* _Brief_: Set down the material in full. Keep every line exactly as it is.

===== Provided data

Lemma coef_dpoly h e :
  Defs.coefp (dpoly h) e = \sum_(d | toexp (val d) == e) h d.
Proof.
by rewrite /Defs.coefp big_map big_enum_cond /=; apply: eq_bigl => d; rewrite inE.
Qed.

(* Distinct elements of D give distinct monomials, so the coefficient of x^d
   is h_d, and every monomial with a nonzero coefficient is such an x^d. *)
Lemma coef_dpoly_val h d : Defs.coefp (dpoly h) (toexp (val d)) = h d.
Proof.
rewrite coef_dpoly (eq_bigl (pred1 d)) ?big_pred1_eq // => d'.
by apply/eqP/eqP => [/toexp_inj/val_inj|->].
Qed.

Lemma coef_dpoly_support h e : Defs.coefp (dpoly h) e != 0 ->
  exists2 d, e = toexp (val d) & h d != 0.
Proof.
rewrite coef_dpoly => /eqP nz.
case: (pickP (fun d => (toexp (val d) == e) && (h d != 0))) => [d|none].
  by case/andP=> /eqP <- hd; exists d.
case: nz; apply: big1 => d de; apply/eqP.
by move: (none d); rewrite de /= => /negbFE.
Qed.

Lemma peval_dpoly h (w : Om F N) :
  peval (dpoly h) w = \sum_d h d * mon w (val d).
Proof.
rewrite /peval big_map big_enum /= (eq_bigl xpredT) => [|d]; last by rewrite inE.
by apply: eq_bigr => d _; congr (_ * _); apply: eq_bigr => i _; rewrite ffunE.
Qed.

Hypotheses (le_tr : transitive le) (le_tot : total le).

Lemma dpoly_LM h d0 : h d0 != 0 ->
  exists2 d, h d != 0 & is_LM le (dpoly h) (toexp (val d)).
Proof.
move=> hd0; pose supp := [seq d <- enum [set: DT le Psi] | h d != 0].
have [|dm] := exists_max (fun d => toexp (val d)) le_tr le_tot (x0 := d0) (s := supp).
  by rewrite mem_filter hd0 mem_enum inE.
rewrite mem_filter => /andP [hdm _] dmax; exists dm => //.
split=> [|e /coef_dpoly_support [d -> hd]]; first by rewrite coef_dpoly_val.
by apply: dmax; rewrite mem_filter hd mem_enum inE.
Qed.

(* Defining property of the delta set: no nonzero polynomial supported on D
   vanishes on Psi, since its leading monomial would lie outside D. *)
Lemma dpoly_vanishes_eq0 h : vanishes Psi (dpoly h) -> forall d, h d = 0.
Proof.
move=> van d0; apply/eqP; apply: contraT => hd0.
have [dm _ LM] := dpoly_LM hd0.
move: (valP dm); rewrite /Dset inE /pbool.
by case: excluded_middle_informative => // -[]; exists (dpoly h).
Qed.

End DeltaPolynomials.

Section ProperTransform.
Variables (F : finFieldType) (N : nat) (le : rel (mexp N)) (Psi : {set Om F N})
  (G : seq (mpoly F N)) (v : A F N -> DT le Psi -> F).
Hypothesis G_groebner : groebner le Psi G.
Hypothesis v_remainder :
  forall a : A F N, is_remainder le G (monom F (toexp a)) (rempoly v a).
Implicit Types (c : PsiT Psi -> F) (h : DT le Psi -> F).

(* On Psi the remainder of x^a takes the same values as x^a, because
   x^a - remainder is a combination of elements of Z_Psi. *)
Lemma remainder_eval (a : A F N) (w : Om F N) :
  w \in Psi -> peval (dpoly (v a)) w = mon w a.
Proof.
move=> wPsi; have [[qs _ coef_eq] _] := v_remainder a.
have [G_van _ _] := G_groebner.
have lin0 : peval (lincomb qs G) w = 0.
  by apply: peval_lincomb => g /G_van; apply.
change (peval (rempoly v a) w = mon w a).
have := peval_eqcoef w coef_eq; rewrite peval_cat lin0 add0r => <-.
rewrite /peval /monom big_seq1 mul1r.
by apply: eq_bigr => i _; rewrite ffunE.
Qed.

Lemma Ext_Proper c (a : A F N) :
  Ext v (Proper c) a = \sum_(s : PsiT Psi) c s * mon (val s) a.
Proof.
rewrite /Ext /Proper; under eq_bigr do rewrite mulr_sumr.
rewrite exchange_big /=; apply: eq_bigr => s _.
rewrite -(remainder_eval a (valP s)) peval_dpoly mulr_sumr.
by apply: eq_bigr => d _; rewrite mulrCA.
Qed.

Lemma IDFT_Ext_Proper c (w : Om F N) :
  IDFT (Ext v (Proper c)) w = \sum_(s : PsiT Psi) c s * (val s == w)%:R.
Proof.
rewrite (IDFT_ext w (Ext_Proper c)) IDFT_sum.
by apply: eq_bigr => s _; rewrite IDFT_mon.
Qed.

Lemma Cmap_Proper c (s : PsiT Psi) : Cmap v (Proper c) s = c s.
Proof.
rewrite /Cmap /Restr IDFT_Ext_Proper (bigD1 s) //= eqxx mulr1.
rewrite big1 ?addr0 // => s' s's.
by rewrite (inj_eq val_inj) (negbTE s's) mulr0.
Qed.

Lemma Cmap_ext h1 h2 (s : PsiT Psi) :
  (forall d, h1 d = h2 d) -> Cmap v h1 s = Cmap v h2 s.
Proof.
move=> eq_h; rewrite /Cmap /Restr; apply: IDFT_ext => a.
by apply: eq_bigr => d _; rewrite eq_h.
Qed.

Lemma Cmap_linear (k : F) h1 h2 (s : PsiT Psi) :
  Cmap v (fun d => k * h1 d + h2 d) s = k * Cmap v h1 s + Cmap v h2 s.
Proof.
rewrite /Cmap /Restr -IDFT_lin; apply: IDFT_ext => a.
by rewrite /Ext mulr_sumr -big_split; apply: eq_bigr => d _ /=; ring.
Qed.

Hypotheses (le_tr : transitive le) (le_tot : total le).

==========

* _Answer box_:
Lemma coef_dpoly h e :
  Defs.coefp (dpoly h) e = \sum_(d | toexp (val d) == e) h d.
Proof.
by rewrite /Defs.coefp big_map big_enum_cond /=; apply: eq_bigl => d; rewrite inE.
Qed.

(* Distinct elements of D give distinct monomials, so the coefficient of x^d
   is h_d, and every monomial with a nonzero coefficient is such an x^d. *)
Lemma coef_dpoly_val h d : Defs.coefp (dpoly h) (toexp (val d)) = h d.
Proof.
rewrite coef_dpoly (eq_bigl (pred1 d)) ?big_pred1_eq // => d'.
by apply/eqP/eqP => [/toexp_inj/val_inj|->].
Qed.

Lemma coef_dpoly_support h e : Defs.coefp (dpoly h) e != 0 ->
  exists2 d, e = toexp (val d) & h d != 0.
Proof.
rewrite coef_dpoly => /eqP nz.
case: (pickP (fun d => (toexp (val d) == e) && (h d != 0))) => [d|none].
  by case/andP=> /eqP <- hd; exists d.
case: nz; apply: big1 => d de; apply/eqP.
by move: (none d); rewrite de /= => /negbFE.
Qed.

Lemma peval_dpoly h (w : Om F N) :
  peval (dpoly h) w = \sum_d h d * mon w (val d).
Proof.
rewrite /peval big_map big_enum /= (eq_bigl xpredT) => [|d]; last by rewrite inE.
by apply: eq_bigr => d _; congr (_ * _); apply: eq_bigr => i _; rewrite ffunE.
Qed.

Hypotheses (le_tr : transitive le) (le_tot : total le).

Lemma dpoly_LM h d0 : h d0 != 0 ->
  exists2 d, h d != 0 & is_LM le (dpoly h) (toexp (val d)).
Proof.
move=> hd0; pose supp := [seq d <- enum [set: DT le Psi] | h d != 0].
have [|dm] := exists_max (fun d => toexp (val d)) le_tr le_tot (x0 := d0) (s := supp).
  by rewrite mem_filter hd0 mem_enum inE.
rewrite mem_filter => /andP [hdm _] dmax; exists dm => //.
split=> [|e /coef_dpoly_support [d -> hd]]; first by rewrite coef_dpoly_val.
by apply: dmax; rewrite mem_filter hd mem_enum inE.
Qed.

(* Defining property of the delta set: no nonzero polynomial supported on D
   vanishes on Psi, since its leading monomial would lie outside D. *)
Lemma dpoly_vanishes_eq0 h : vanishes Psi (dpoly h) -> forall d, h d = 0.
Proof.
move=> van d0; apply/eqP; apply: contraT => hd0.
have [dm _ LM] := dpoly_LM hd0.
move: (valP dm); rewrite /Dset inE /pbool.
by case: excluded_middle_informative => // -[]; exists (dpoly h).
Qed.

End DeltaPolynomials.

Section ProperTransform.
Variables (F : finFieldType) (N : nat) (le : rel (mexp N)) (Psi : {set Om F N})
  (G : seq (mpoly F N)) (v : A F N -> DT le Psi -> F).
Hypothesis G_groebner : groebner le Psi G.
Hypothesis v_remainder :
  forall a : A F N, is_remainder le G (monom F (toexp a)) (rempoly v a).
Implicit Types (c : PsiT Psi -> F) (h : DT le Psi -> F).

(* On Psi the remainder of x^a takes the same values as x^a, because
   x^a - remainder is a combination of elements of Z_Psi. *)
Lemma remainder_eval (a : A F N) (w : Om F N) :
  w \in Psi -> peval (dpoly (v a)) w = mon w a.
Proof.
move=> wPsi; have [[qs _ coef_eq] _] := v_remainder a.
have [G_van _ _] := G_groebner.
have lin0 : peval (lincomb qs G) w = 0.
  by apply: peval_lincomb => g /G_van; apply.
change (peval (rempoly v a) w = mon w a).
have := peval_eqcoef w coef_eq; rewrite peval_cat lin0 add0r => <-.
rewrite /peval /monom big_seq1 mul1r.
by apply: eq_bigr => i _; rewrite ffunE.
Qed.

Lemma Ext_Proper c (a : A F N) :
  Ext v (Proper c) a = \sum_(s : PsiT Psi) c s * mon (val s) a.
Proof.
rewrite /Ext /Proper; under eq_bigr do rewrite mulr_sumr.
rewrite exchange_big /=; apply: eq_bigr => s _.
rewrite -(remainder_eval a (valP s)) peval_dpoly mulr_sumr.
by apply: eq_bigr => d _; rewrite mulrCA.
Qed.

Lemma IDFT_Ext_Proper c (w : Om F N) :
  IDFT (Ext v (Proper c)) w = \sum_(s : PsiT Psi) c s * (val s == w)%:R.
Proof.
rewrite (IDFT_ext w (Ext_Proper c)) IDFT_sum.
by apply: eq_bigr => s _; rewrite IDFT_mon.
Qed.

Lemma Cmap_Proper c (s : PsiT Psi) : Cmap v (Proper c) s = c s.
Proof.
rewrite /Cmap /Restr IDFT_Ext_Proper (bigD1 s) //= eqxx mulr1.
rewrite big1 ?addr0 // => s' s's.
by rewrite (inj_eq val_inj) (negbTE s's) mulr0.
Qed.

Lemma Cmap_ext h1 h2 (s : PsiT Psi) :
  (forall d, h1 d = h2 d) -> Cmap v h1 s = Cmap v h2 s.
Proof.
move=> eq_h; rewrite /Cmap /Restr; apply: IDFT_ext => a.
by apply: eq_bigr => d _; rewrite eq_h.
Qed.

Lemma Cmap_linear (k : F) h1 h2 (s : PsiT Psi) :
  Cmap v (fun d => k * h1 d + h2 d) s = k * Cmap v h1 s + Cmap v h2 s.
Proof.
rewrite /Cmap /Restr -IDFT_lin; apply: IDFT_ext => a.
by rewrite /Ext mulr_sumr -big_split; apply: eq_bigr => d _ /=; ring.
Qed.

Hypotheses (le_tr : transitive le) (le_tot : total le).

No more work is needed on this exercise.